Description (last modified by OlivierSohn)

Hello,

For this program : https://github.com/OlivierSohn/hamazed/tree/repro-ghc-14521-A

The expected output is:

Before rendering animations
animation is rendered
After rendering animations

What I observe is when compiling with ghc 8.0.2 or 8.2.2, with optimizations:

Before rendering animations

I found several ways to circumvent the bug, and documented each one in the source code.

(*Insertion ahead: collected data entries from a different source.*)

(* Let $r,c\ge1$, $n=r+c$, $X_1,X_2$ as below, and $1\le K\le 2^{\min(r,c)}$. Let $\varphi$ be uniformly random among permutations of $\{0,1\}^n$ with exactly $K$ $X$-pairs. Any quantum algorithm making $T$ queries to $\varphi$ and $\varphi^{-1}$ that outputs an $X$-pair of $\varphi$ with probability $\epsilon>0$ satisfies $$\epsilon\le\frac{8(T+1)^2K}{2^{\min(r,c)}}.$$
   Context: $X_1\subset\{0,1\}^n$ is the set of strings ending in $0^c$, $X_2\subset\{0,1\}^n$ the set of strings beginning with $0^r$; an $X$-pair of $\varphi$ is $(x,y)\in X_1\times X_2$ with $\varphi(x)=y$. Queries are to the unitaries $O_\varphi:|a\rangle|b\rangle\mapsto|a\rangle|b\oplus\varphi(a)\rangle$ and $O_{\varphi^{-1}}:|a\rangle|b\rangle\mapsto|a\rangle|b\oplus\varphi^{-1}(a)\rangle$; success probability is over $\varphi$ and the algorithm's randomness and measurements. *)

From HB Require Import structures.
From mathcomp Require Import all_boot all_order fingroup perm all_algebra.
From mathcomp Require Import complex.
Set Implicit Arguments. Unset Strict Implicit. Unset Printing Implicit Defensive.
Import Order.TTheory GRing.Theory Num.Theory.
Local Open Scope ring_scope.

Definition bs (n : nat) := (n.-tuple bool)%type.

Definition bxor n (x y : bs n) : bs n := [tuple xorb (tnth x i) (tnth y i) | i < n].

Can someone take a look? Is my program an invalid program that was not detected by the compiler?

Thank you, Olivier

Change History (23)

comment:1 Changed 23 months ago by OlivierSohn

Description: modified (diff)
Summary: Infinite loop at runtime when a given function is not marked INLINEInfinite loop at runtime when either : a given function is not marked INLINE, or functions are stored in strict field

comment:2 Changed 23 months ago by OlivierSohn

Description: modified (diff)

comment:3 Changed 23 months ago by simonpj

Yes, it could be a compiler bug, but a more self-contained repro case would be far far easier to deal with. Thank you!

Does it happen with 8.2?

comment:4 in reply to:  3 ; Changed 23 months ago by OlivierSohn

Replying to simonpj:

Yes, it could be a compiler bug, but a more self-contained repro case would be far far easier to deal with. Thank you!

Does it happen with 8.2?

Ok, I'll try to reduce the problem to a minimal amount of code. I was waiting to be sure that it was not a problem in my code before digging a little deeper.

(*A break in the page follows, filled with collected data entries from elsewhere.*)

(* For integers $a,t$ let $$f_{a,1,t}(X)=X^3+a^2(a^3-2)X^2-a(a^3-1)X+1+tX(aX-1)\in\mathbf{Z}[X].$$ There exists an integer $A\geq 1$ such that for all integers $t\geq 1$ and $a\geq A$, the polynomial $f_{a,1,t}(X)$ is irreducible over $\mathbf{Q}$. *)

From mathcomp Require Import all_boot all_order all_algebra.
Set Implicit Arguments. Unset Strict Implicit. Unset Printing Implicit Defensive.
Import GRing.Theory Num.Theory.
Local Open Scope ring_scope.

Definition f_a1t (a t : int) : {poly int} :=
  'X^3 + (a ^+ 2 * (a ^+ 3 - 2))%:P * 'X^2 - (a * (a ^+ 3 - 1))%:P * 'X + 1
  + t%:P * 'X * (a%:P * 'X - 1).

Definition f_a1t_Q (a t : int) : {poly rat} := map_poly (intr : int -> rat) (f_a1t a t).

(** A rational root of a monic integer polynomial is an integer dividing its
    constant term (here via Gauss's lemma [dvdpP_rat_int]).  The constant
    term of [f_a1t a t] is 1, so its only candidate rational roots are 1 and
    -1, and both values f(1) and f(-1) are positive for a, t >= 1.  A cubic
    without rational roots is irreducible over Q, so A = 1 works. *)

From mathcomp Require Import all_boot all_order all_algebra.
From mathcomp Require Import ring zify.
Import Order.TTheory GRing.Theory Num.Theory.
Local Open Scope ring_scope.

Lemma monic_int_rat_root {p : {poly int}} {x : rat} :
    p \is monic -> root (map_poly intr p) x ->
  exists2 k : int, x = k%:~R & (k %| p`_0)%Z.
Proof.
move=> /monicP lead_p; rewrite -dvdp_XsubCl.
case/dvdpP_rat_int=> q [c c_neq0 Dq] [r Dp].
have coefDq i : ('X - x%:P)`_i = c * (q`_i)%:~R by rewrite Dq coefZ coef_map.
have size_q : size q = 2.
  by rewrite -(size_rat_int_poly q) -(size_scale _ c_neq0) -Dq size_XsubC.
have q1_r : q`_1 * lead_coef r = 1.
  by rewrite -lead_p Dp lead_coefM /lead_coef size_q.
have c_r : c = (lead_coef r)%:~R.
  have c_q1 : c * (q`_1)%:~R = 1 by rewrite -coefDq coefB coefX coefC.
  have : c * (q`_1 * lead_coef r)%:~R = c by rewrite q1_r mulr1.
  by rewrite intrM mulrA c_q1 mul1r => <-.
exists (- (lead_coef r * q`_0)).
  by rewrite mulrNz intrM -c_r -coefDq coefB coefX coefC sub0r opprK.
rewrite Dp coef0M dvdzE abszN -dvdzE; apply: dvdz_mulr.
by apply/dvdzP; exists q`_1; rewrite mulrA q1_r mul1r.
Qed.

Section MonicXnAdd.
Variables (R : nzRingType) (n : nat) (q : {poly R}).
Hypothesis size_q : (size q <= n)%N.

Lemma size_XnDl : size ('X^n + q) = n.+1.
Proof. by rewrite size_polyDl size_polyXn. Qed.

Lemma monicXnDl : 'X^n + q \is monic.
Proof. by rewrite monicE lead_coefDl ?size_polyXn ?lead_coefXn. Qed.

End MonicXnAdd.

Lemma size_quadratic_leq (R : nzRingType) (b c d : R) :
  (size (b%:P * 'X^2 + c%:P * 'X + d%:P)%R <= 3)%N.
Proof.
have size_scaleXn_le k (e : R) : (size (e *: 'X^k) <= k.+1)%N.
  by rewrite (leq_trans (size_scale_leq _ _)) ?size_polyXn.
rewrite !mul_polyC (leq_trans (size_polyD _ _)) // geq_max.
rewrite (leq_trans (size_polyC_leq1 d)) // andbT.
rewrite (leq_trans (size_polyD _ _)) // geq_max size_scaleXn_le.
by rewrite (leq_trans (size_scaleXn_le 1%N c)).
Qed.

Lemma f_a1tE a t : f_a1t a t =
  'X^3 + ((a ^+ 5 - 2 * a ^+ 2 + t * a)%:P * 'X^2 + (a - a ^+ 4 - t)%:P * 'X + 1%:P).
Proof. by rewrite /f_a1t; ring. Qed.

Lemma monic_f_a1t a t : f_a1t a t \is monic.
Proof. by rewrite f_a1tE monicXnDl ?size_quadratic_leq. Qed.

Lemma size_f_a1t a t : size (f_a1t a t) = 4.
Proof. by rewrite f_a1tE size_XnDl ?size_quadratic_leq. Qed.

Lemma coef0_f_a1t a t : (f_a1t a t)`_0 = 1.
Proof. by rewrite -horner_coef0 f_a1tE !hornerE /=; ring. Qed.

Lemma f_a1t_at1_gt0 a t : 1 <= a -> 0 <= t -> 0 < (f_a1t a t).[1].
Proof.
move=> a_ge1 t_ge0; rewrite f_a1tE !hornerE /=.
(* f(1) = (a - 1)(a^4 - 2a - 1 + t) + 1, and a^4 - 2a - 1 < 0 only at a = 1. *)
have [->|a_ge2] : a = 1 \/ 2 <= a by lia.
  by rewrite expr1n; lia.
nia.
Qed.

Lemma f_a1t_atN1_gt0 a t : 1 <= a -> 1 <= t -> 0 < (f_a1t a t).[-1].
Proof. by move=> a_ge1 t_ge1; rewrite f_a1tE !hornerE /=; nia. Qed.

Theorem mainTheorem2 :
  exists A : int, 1 <= A /\
    forall t a : int, 1 <= t -> A <= a -> irreducible_poly (f_a1t_Q a t).
Proof.
exists 1; split=> // t a t_ge1 a_ge1.
apply: cubic_irreducible; first by rewrite size_rat_int_poly size_f_a1t.
move=> x; apply/negP=> root_x.
have [k xE k_dvd1] := monic_int_rat_root (monic_f_a1t a t) root_x.
move: root_x; rewrite xE /root horner_map intr_eq0.
have [->|->] : k = 1 \/ k = -1 by move: k_dvd1; rewrite coef0_f_a1t dvdz1; lia.
  by rewrite gt_eqF ?f_a1t_at1_gt0 // ltW.
by rewrite gt_eqF ?f_a1t_atN1_gt0.
Qed.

I don't know if it's a bug fixed by 8.2, I'll try that too. First I need to understand how to build using ghc directly instead of relying on stack, because latest stack version references 8.0.2 :)

comment:5 Changed 23 months ago by bgamari

Description: modified (diff)
Milestone: 8.2.3

For what it's worth the repo build for me with 8.2.1,

$ git clone ​https://github.com/OlivierSohn/hamazed
$ cd hamazed
$ git checkout 9f25223ef0502f91cd9633654bdb172f714c3920
$ git clone https://github.com/OlivierSohn/ansi-terminal.git
$ git -C ansi-terminal checkout e6a2b1ff2e1aebd902c1791583b80ef481f370c5
$ echo "packages: ., ansi-terminal" >> cabal.project
$ cabal new-build all --allow-newer

Unfortunately I'm quite lost regarding the game itself. I found that pressing "Enter" makes numbers start flying about; however the s, e, d, f keys don't appear to do anything. This appears to be the case with both 8.2.2 and 8.0.2.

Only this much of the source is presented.